Наташа помогла ему влезть в узкий, не по размеру халат.
— Всё! — сказал он. — Теперь я сам за вас возьмусь.
Положил на стол пакет, открыл его. Девочки смотрели на него, как на фокусника. Но в пакете оказалось всего-навсего несколько их изделий из мешковины.
— Это, по-вашему, швы? — Он поднял куртку над головой. — Это волны морские, а не швы! Чему вас только инструктор учит? Такие швы стыдно заказчику показывать. А ведь у нас не кто-нибудь заказывает — магазины. Вот! — Он рванул куртку по шву. — А теперь смотрите, как надо делать швы.

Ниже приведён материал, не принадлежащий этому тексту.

(* Let $G=G_{\pm}(x)=3+2\{\cos(2\pi x)\pm\cos(12\pi x)\pm\cos(14\pi x)\}$ on $\mathbb{T}=\mathbb{R}/\mathbb{Z}$ (either sign), and let $Z$ be the set of local maximum points of $G$ in $\mathbb{T}$. Then for every $t>0$, $$\operatorname{Var}(G^t)<2\sum_{\zeta\in Z}G^t(\zeta),$$ where $\operatorname{Var}$ denotes total variation over one period $\mathbb{T}$. In particular $\operatorname{Var}(G_{\pm})<74$.
   Context: $\operatorname{Var}(\psi)=\operatorname{Var}(\psi,\mathbb{T})$ is the total variation of the $1$-periodic function $\psi$ over one period. *)

From HB Require Import structures.
From mathcomp Require Import all_boot all_order all_algebra.
From mathcomp Require Import all_classical all_reals all_analysis.
Set Implicit Arguments. Unset Strict Implicit. Unset Printing Implicit Defensive.
Import Order.TTheory GRing.Theory Num.Theory.
Local Open Scope ring_scope.

Definition sgn {R : realType} (s : bool) : R := if s then 1 else -1.

Definition Gpm {R : realType} (s : bool) (x : R) : R :=
  3 + 2 * (cos (2 * pi * x) + sgn s * cos (12 * pi * x)
           + sgn s * cos (14 * pi * x)).

Definition is_local_max {R : realType} (f : R -> R) (x : R) : Prop :=
  exists2 e : R, 0 < e & forall y, `|y - x| < e -> f y <= f x.

(* local maximum points in T = R/Z, represented in [0,1) *)
Definition local_max_T {R : realType} (f : R -> R) (x : R) : Prop :=
  0 <= x < 1 /\ is_local_max f x.

From Stdlib Require Import PArith.
From mathcomp Require Import all_boot all_order all_algebra.
From mathcomp Require Import all_classical all_reals all_analysis.
From mathcomp Require Import ring lra zify.
Set Implicit Arguments. Unset Strict Implicit. Unset Printing Implicit Defensive.
Import Order.TTheory GRing.Theory Num.Theory.
Import numFieldNormedType.Exports.
Local Open Scope ring_scope.

(* With c = cos (2 pi x), Chebyshev's cos 6t = T6 (cos t), cos 7t = T7 (cos t) give
   G_+- x = Gc (c) for the degree 7 polynomial Gc = 3 + 2 (c +- (T6 + T7) c).  Exact positivity
   certificates in the Bernstein basis of small rational intervals show that Gc > 0 on [-1, 1]
   and that Gc' has exactly six sign changes rho_1 < ... < rho_6 in (-1, 1), each isolated in a
   box on which Gc'' has a sign.  Hence G is strictly monotone, with alternating directions, on
   the 14 arcs of the circle cut out by the preimages of -1, rho_1, ..., rho_6, 1.  Its local
   maxima are the 7 breakpoints starting a decreasing arc, and for every increasing phi the
   variation of phi o G over a period is 2 (sum over maxima - sum over minima) of phi o G, which
   is smaller than 2 (sum over maxima) since G > 0.  Upper bounds for Gc at the maxima, again
   by certificates, give Var G < 74. *)
Section StrictMonotonicity.
Variable R : realType.

Definition strict_mono_on (up : bool) (f : R -> R) (a b : R) : Prop :=
  forall x y, a <= x -> x < y -> y <= b -> if up then f x < f y else f y < f x.

Definition has_sign (up : bool) (y : R) : Prop := if up then 0 < y else y < 0.

Lemma is_derive_continuous (f f' : R -> R) :
  (forall x, is_derive x (1:R) f (f' x)) -> continuous f.
Proof.
move=> df x; apply: differentiable_continuous; apply/derivable1_diffP.
by case: (df x).
Qed.

Lemma strict_mono_on_derive up (f f' : R -> R) a b :
  (forall x, is_derive x (1:R) f (f' x)) -> (forall x, a < x < b -> has_sign up (f' x)) ->
  strict_mono_on up f a b.
Proof.
move=> df sf x y ax xy yb.
have cf := continuous_subspaceT (is_derive_continuous df).
have der z : derivable f z 1 by case: (df z).
have f'E z : 'D_1 f z = f' z by case: (df z) => _ ->.
have xab : x \in `[a, b] by rewrite in_itv /= ax (le_trans (ltW xy)).
have yab : y \in `[a, b] by rewrite in_itv /= yb (le_trans _ (ltW xy)).
case: up sf => sf.
- apply: (@gtr0_derive1_lt_cc _ f a b _ _ (cf _)) => // z.
  by rewrite in_itv derive1E f'E => /sf.
- apply: (@ltr0_derive1_lt_cc _ f a b _ _ (cf _)) => // z.
  by rewrite in_itv derive1E f'E => /sf.
Qed.

Lemma strict_mono_on_le up (f : R -> R) a b x y : strict_mono_on up f a b ->
  a <= x -> x <= y -> y <= b -> if up then f x <= f y else f y <= f x.
Proof.
move=> mf ax; rewrite le_eqVlt => /predU1P[-> | xy] yb; first by case: (up).
by have := mf x y ax xy yb; case: (up) => /ltW.
Qed.

Lemma strict_mono_on_sub up (f : R -> R) a b a' b' : strict_mono_on up f a b ->
  a <= a' -> b' <= b -> strict_mono_on up f a' b'.
Proof. by move=> mf aa' bb' x y ax xy yb; apply: mf => //; apply: le_trans; eassumption. Qed.

Lemma strict_mono_on_comp up up' (g c : R -> R) a b a' b' :
  strict_mono_on up c a b -> strict_mono_on up' g a' b' ->
  (forall x, a <= x <= b -> a' <= c x <= b') ->
  strict_mono_on (up == up') (g \o c) a b.
Proof.
move=> mc mg cab x y ax xy yb /=.
have /andP[? ?] := cab x ltac:(by rewrite ax (le_trans (ltW xy))).
have /andP[? ?] := cab y ltac:(by rewrite yb (le_trans _ (ltW xy))).
have := mc x y ax xy yb.
by case: up {mc}; case: up' mg => mg /= ?; apply: mg.
Qed.

Lemma sign_change_root up (f f' : R -> R) a b :
  (forall x, is_derive x (1:R) f (f' x)) ->
  (forall x, a <= x <= b -> has_sign (~~ up) (f' x)) ->
  has_sign up (f a) -> has_sign (~~ up) (f b) -> a < b ->
  exists r, [/\ a < r < b, (forall x, a <= x < r -> has_sign up (f x))
              & (forall x, r < x <= b -> has_sign (~~ up) (f x))].
Proof.
move=> df sf' fa fb ab.
have mf : strict_mono_on (~~ up) f a b.
  by apply: strict_mono_on_derive df _ => x /andP[ax xb]; apply: sf'; rewrite !ltW.
have [r] : exists2 r, r \in `[a, b] & f r = 0.
  apply: (@IVT R f a b 0 (ltW ab) (continuous_subspaceT (is_derive_continuous df))).
  by case: (up) fa fb => /= fa fb; rewrite ge_min le_max (ltW fa) (ltW fb) ?orbT.
rewrite in_itv /= => /andP[ar rb] fr.
have {}ar : a < r.
  rewrite lt_neqAle ar andbT; apply/eqP => e.
  by move: fa; rewrite /has_sign e fr; case: (up); rewrite ltxx.
have {}rb : r < b.
  rewrite lt_neqAle rb andbT; apply/eqP => e.
  by move: fb; rewrite /has_sign -e fr; case: (up); rewrite ltxx.
exists r; split; first by rewrite ar rb.
- move=> x /andP[ax xr]; have := mf x r ax xr (ltW rb).
  by rewrite fr; case: (up).
- move=> x /andP[rx xb]; have := mf r x (ltW ar) rx xb.
  by rewrite fr; case: (up).
Qed.

End StrictMonotonicity.

Section PiecewiseMonotone.
Variable R : realType.
Implicit Types (f : R -> R) (b : nat -> R).

Lemma incr_seq_le b n : (forall i, (i < n)%N -> b i < b i.+1) ->
  forall i j, (i <= j <= n)%N -> b i <= b j.
Proof.
move=> hb i; elim=> [|j IH] /andP[ij jn].
  by move: ij; rewrite leqn0 => /eqP ->.
move: ij; rewrite leq_eqVlt => /orP[/eqP -> //|ij].
by apply: le_trans (ltW (hb j jn)); apply: IH; rewrite -ltnS ij ltnW.
Qed.

Lemma incr_seq_lt b n : (forall i, (i < n)%N -> b i < b i.+1) ->
  forall i j, (i < j <= n)%N -> b i < b j.
Proof.
move=> hb i j /andP[ij jn].
by apply: lt_le_trans (hb i (leq_trans ij jn)) _; apply: (incr_seq_le hb); rewrite ij.
Qed.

Илья Титович сел к машине, направил под лапку крой. Потом сунулся носом чуть ли не под самую иглу, нажал педаль электропривода. Раздалась серия звуков, быстрых и отрывистых, как пулемётная очередь.
— Всё! Смотрите, учитесь! — Он подал куртку обступившим его девочкам. — Нет, вы возьмите линеечку, проверьте.
Наташа стояла в стороне и улыбалась.
Таким Илья Титович ей нравился, очень нравился.
Он был настоящим мастером швейного дела.
Семьдесят неизвестных
Семьдесят неизвестных — так я их всех тогда прозвал. Не вслух, конечно, а про себя. Их и в самом деле было ровно семьдесят, и все мне совершенно неизвестны. Я смотрел на них, они смотрели на меня, — для них я тоже был вопросительным знаком в голубой футболке с красной полосой на груди.
А рядом со мной стоял ещё один неизвестный, семьдесят первый. Я знал, как его зовут — Пётр Петрович, знал, что он завуч по производственному обучению, а теперь начальник лагеря труда и отдыха сельской школы. Но разве этого достаточно? Ведь, слышал я, говорят: чтобы узнать человека, надо с ним пуд соли съесть. Я, правда, тогда не понимал, почему именно пуд соли; куда приятнее пуд мороженого или конфет. Это только потом до меня дошло, что на сладком никого не проверишь, до сладкого все охотники.
Так вот, неизвестный этот Пётр Петрович кладёт мне руку на плечо и говорит:
— Ну, лампочки-фонарики, пополнение к нам пришло.
Это у него присказка такая — «лампочки-фонарики». Сам он её и не замечает, вроде не сказал ничего. А я так даже рассмеялся, когда первый раз услышал.
— Знакомьтесь, ребята. Это ваш новый товарищ, Витя Коровин.
— Коровкин, — поправил я, и они все заулыбались.
— Ну, пусть Коровкин, лампочки-фонарики. И будет теперь этот самый Коровкин учиться в нашей школе.
Я сразу сказал:
— Только не долго. Моего папу всего на год прислали, самое большее — на два. У нас в городе даже квартира осталась, бабушка с дедушкой караулят.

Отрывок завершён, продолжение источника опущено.